● **EXERCISE**
How many lines in the data below contain the string "Hypothesis"? Answer with the number only.

[[ DATA SHOWN open ]]

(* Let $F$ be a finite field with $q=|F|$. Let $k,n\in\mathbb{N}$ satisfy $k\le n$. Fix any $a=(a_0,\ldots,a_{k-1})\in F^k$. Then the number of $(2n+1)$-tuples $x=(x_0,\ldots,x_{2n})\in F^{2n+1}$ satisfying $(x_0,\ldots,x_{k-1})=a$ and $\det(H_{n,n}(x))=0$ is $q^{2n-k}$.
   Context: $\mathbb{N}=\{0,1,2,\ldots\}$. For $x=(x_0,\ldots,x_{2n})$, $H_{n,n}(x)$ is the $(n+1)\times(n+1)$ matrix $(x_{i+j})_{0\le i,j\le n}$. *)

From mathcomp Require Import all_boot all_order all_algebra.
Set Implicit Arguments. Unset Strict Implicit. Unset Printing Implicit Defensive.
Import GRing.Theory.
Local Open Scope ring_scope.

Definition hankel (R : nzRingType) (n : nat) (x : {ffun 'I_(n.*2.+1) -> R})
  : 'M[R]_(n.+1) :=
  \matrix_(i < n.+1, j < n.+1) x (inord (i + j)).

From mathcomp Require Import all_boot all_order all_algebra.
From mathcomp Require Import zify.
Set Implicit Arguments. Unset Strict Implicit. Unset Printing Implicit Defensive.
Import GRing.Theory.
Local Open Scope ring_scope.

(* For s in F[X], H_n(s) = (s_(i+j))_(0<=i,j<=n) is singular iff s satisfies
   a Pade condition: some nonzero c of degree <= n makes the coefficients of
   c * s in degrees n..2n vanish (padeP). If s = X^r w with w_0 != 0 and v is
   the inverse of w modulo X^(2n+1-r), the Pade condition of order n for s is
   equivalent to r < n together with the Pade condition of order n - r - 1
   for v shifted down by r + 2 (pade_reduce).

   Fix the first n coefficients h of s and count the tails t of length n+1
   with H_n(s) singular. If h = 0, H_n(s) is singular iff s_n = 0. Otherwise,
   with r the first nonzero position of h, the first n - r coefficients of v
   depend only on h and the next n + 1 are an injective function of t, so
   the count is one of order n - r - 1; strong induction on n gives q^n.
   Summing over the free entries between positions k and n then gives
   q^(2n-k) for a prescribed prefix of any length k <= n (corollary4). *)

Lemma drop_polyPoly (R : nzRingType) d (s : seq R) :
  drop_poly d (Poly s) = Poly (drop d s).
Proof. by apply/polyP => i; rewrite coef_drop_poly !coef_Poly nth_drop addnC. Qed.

[[ DATA SHOWN closed ]]
[[ DATA SHOWN open ]]

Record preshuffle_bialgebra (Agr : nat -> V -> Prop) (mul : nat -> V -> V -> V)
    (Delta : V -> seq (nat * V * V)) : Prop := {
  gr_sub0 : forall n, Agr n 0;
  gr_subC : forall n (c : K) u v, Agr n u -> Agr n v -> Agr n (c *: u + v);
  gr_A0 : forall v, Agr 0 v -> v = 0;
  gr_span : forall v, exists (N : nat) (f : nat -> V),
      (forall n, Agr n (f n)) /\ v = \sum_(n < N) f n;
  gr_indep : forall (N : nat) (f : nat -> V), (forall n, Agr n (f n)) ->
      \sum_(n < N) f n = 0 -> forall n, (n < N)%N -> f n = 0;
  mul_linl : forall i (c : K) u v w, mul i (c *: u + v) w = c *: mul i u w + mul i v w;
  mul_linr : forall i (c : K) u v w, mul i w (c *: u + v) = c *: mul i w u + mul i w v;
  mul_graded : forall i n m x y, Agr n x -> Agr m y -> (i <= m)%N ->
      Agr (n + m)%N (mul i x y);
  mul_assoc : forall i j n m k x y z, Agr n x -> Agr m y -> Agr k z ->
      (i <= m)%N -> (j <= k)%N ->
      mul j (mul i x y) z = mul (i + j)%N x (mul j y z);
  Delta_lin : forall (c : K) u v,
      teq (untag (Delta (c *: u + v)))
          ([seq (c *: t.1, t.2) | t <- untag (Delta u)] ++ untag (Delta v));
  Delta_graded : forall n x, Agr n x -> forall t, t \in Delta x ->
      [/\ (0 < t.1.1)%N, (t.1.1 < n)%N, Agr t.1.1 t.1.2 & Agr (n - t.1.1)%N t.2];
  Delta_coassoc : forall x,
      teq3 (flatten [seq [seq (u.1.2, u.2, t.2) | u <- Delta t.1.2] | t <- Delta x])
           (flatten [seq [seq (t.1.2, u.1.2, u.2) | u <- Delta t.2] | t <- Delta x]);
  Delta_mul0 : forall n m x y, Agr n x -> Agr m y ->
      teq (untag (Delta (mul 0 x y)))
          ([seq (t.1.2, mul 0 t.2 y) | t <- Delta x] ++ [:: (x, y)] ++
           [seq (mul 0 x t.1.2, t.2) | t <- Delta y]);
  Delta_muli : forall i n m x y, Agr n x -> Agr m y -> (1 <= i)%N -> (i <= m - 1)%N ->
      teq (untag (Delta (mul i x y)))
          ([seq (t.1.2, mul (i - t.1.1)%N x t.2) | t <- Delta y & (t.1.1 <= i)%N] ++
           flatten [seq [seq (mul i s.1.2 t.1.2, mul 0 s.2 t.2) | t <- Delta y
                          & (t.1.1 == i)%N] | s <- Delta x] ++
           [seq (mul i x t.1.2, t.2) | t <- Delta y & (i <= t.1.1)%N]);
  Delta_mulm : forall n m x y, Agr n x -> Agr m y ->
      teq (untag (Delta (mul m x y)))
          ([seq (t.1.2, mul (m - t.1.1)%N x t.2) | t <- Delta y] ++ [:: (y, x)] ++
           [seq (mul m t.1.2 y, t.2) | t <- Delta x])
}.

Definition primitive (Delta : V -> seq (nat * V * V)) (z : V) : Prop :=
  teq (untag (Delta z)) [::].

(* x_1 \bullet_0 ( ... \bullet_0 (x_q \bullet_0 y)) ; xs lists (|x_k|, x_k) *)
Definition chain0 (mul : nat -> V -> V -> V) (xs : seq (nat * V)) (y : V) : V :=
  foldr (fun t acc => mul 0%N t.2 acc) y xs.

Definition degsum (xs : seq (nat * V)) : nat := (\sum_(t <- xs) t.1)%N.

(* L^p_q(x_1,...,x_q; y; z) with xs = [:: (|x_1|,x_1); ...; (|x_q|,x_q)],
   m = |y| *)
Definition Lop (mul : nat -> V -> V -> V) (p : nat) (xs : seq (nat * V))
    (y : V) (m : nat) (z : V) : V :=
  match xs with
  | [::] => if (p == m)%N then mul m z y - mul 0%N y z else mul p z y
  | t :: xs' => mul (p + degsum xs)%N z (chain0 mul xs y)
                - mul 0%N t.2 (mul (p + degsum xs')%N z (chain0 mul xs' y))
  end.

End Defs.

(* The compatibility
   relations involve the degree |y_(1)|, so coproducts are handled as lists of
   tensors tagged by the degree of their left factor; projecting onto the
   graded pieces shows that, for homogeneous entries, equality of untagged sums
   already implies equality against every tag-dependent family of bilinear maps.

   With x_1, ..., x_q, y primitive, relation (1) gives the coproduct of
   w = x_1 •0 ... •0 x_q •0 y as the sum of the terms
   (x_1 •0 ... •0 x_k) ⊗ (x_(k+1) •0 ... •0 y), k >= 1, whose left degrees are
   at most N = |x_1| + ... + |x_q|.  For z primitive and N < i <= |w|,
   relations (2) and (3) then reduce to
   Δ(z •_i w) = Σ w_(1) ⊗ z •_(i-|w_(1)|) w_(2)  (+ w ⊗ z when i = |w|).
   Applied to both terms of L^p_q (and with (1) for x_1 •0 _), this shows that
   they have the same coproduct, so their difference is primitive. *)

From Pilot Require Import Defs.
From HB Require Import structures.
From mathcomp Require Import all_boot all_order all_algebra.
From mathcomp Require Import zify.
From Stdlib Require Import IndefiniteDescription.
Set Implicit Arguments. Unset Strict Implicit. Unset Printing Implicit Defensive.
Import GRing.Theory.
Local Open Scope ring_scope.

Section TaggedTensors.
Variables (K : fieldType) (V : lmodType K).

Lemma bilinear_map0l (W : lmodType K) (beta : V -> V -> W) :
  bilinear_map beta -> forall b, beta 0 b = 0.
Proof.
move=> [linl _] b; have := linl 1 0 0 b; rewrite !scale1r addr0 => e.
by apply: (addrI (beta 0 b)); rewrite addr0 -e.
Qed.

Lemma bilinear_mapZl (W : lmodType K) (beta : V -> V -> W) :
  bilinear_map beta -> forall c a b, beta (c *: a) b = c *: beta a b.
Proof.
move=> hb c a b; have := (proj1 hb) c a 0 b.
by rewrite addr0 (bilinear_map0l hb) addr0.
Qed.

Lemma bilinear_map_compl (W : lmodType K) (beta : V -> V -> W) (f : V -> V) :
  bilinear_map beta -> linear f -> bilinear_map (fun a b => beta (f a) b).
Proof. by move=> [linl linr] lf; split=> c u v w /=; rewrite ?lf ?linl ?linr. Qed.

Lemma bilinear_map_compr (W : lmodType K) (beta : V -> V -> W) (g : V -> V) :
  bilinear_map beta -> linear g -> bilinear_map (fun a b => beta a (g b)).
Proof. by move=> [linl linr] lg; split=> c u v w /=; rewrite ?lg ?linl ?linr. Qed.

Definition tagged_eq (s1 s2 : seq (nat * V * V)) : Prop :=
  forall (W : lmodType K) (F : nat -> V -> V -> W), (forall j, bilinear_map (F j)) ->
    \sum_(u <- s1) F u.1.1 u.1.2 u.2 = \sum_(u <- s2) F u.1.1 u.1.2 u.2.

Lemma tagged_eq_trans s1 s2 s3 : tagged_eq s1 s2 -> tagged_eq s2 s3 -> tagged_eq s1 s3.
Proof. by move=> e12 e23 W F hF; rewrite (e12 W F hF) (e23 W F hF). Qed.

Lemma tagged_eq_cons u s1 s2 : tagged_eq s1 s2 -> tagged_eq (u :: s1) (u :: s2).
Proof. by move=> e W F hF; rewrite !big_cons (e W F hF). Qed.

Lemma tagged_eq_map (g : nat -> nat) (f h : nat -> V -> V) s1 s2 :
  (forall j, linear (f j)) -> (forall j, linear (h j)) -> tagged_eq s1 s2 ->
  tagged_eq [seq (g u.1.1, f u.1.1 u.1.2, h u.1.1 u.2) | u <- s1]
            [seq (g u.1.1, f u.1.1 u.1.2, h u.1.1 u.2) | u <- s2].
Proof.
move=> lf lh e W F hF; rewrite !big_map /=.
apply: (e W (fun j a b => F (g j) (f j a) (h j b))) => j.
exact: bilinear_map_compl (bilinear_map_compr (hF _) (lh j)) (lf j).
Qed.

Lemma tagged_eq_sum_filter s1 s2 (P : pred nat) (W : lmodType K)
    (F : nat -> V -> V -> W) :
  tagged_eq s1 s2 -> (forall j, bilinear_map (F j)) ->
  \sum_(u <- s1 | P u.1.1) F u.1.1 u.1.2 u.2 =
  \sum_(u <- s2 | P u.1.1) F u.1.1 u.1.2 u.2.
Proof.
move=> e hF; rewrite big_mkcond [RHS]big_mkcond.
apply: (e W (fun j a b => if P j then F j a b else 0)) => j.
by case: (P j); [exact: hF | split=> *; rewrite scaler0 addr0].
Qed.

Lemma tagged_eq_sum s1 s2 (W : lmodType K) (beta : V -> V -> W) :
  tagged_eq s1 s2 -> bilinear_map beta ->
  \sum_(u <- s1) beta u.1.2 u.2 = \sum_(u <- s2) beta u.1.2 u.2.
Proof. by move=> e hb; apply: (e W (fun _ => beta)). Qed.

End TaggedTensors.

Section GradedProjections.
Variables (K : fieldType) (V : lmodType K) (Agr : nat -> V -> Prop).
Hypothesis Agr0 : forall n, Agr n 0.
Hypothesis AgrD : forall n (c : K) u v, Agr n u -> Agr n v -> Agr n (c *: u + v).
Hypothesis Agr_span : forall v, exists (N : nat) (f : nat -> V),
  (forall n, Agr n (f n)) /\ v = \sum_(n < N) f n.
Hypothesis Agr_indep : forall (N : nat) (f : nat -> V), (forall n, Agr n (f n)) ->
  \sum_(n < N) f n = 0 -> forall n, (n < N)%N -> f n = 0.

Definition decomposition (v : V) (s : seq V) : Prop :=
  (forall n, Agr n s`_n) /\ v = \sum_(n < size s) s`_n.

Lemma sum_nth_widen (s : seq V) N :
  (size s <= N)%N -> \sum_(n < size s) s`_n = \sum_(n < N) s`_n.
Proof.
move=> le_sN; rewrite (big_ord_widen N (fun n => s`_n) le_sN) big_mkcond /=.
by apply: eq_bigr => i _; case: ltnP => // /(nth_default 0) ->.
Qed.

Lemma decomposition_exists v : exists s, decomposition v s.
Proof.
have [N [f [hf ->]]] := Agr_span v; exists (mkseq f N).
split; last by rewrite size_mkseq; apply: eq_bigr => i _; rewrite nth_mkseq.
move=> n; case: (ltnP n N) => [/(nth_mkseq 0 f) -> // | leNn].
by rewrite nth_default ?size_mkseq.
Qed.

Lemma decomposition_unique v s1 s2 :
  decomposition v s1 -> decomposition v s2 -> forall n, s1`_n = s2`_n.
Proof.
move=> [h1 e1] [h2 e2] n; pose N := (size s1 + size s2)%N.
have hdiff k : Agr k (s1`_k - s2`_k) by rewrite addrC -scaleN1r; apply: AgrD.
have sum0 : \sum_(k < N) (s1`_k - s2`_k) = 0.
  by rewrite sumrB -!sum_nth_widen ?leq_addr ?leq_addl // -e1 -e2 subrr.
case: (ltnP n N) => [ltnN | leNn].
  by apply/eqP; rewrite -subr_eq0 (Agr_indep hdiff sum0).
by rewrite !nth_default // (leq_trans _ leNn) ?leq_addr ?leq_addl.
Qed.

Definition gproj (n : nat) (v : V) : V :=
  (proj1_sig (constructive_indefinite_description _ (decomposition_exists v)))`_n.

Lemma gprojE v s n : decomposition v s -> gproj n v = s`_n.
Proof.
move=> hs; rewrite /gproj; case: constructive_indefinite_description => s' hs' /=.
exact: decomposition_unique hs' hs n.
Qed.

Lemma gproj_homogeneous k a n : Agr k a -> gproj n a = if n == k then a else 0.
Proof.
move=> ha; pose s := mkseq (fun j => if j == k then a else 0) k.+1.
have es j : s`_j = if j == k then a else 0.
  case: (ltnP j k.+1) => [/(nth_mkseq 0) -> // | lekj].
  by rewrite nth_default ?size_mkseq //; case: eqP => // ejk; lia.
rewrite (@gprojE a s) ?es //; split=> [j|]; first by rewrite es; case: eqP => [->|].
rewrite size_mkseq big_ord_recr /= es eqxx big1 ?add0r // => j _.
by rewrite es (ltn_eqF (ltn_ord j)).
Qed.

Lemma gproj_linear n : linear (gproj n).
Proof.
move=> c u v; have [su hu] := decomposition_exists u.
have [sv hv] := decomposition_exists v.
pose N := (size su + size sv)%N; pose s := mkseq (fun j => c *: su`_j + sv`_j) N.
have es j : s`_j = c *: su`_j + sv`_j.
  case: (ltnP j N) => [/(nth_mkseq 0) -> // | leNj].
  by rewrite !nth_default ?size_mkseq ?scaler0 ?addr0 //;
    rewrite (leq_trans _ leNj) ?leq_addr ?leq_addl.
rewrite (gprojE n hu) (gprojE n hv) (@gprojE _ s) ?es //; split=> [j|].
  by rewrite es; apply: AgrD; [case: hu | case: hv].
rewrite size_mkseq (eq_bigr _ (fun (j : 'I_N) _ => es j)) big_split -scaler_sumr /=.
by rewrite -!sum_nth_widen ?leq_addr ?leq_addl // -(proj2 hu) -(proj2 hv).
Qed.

[[ DATA SHOWN closed ]]

● **ANSWER AREA**
4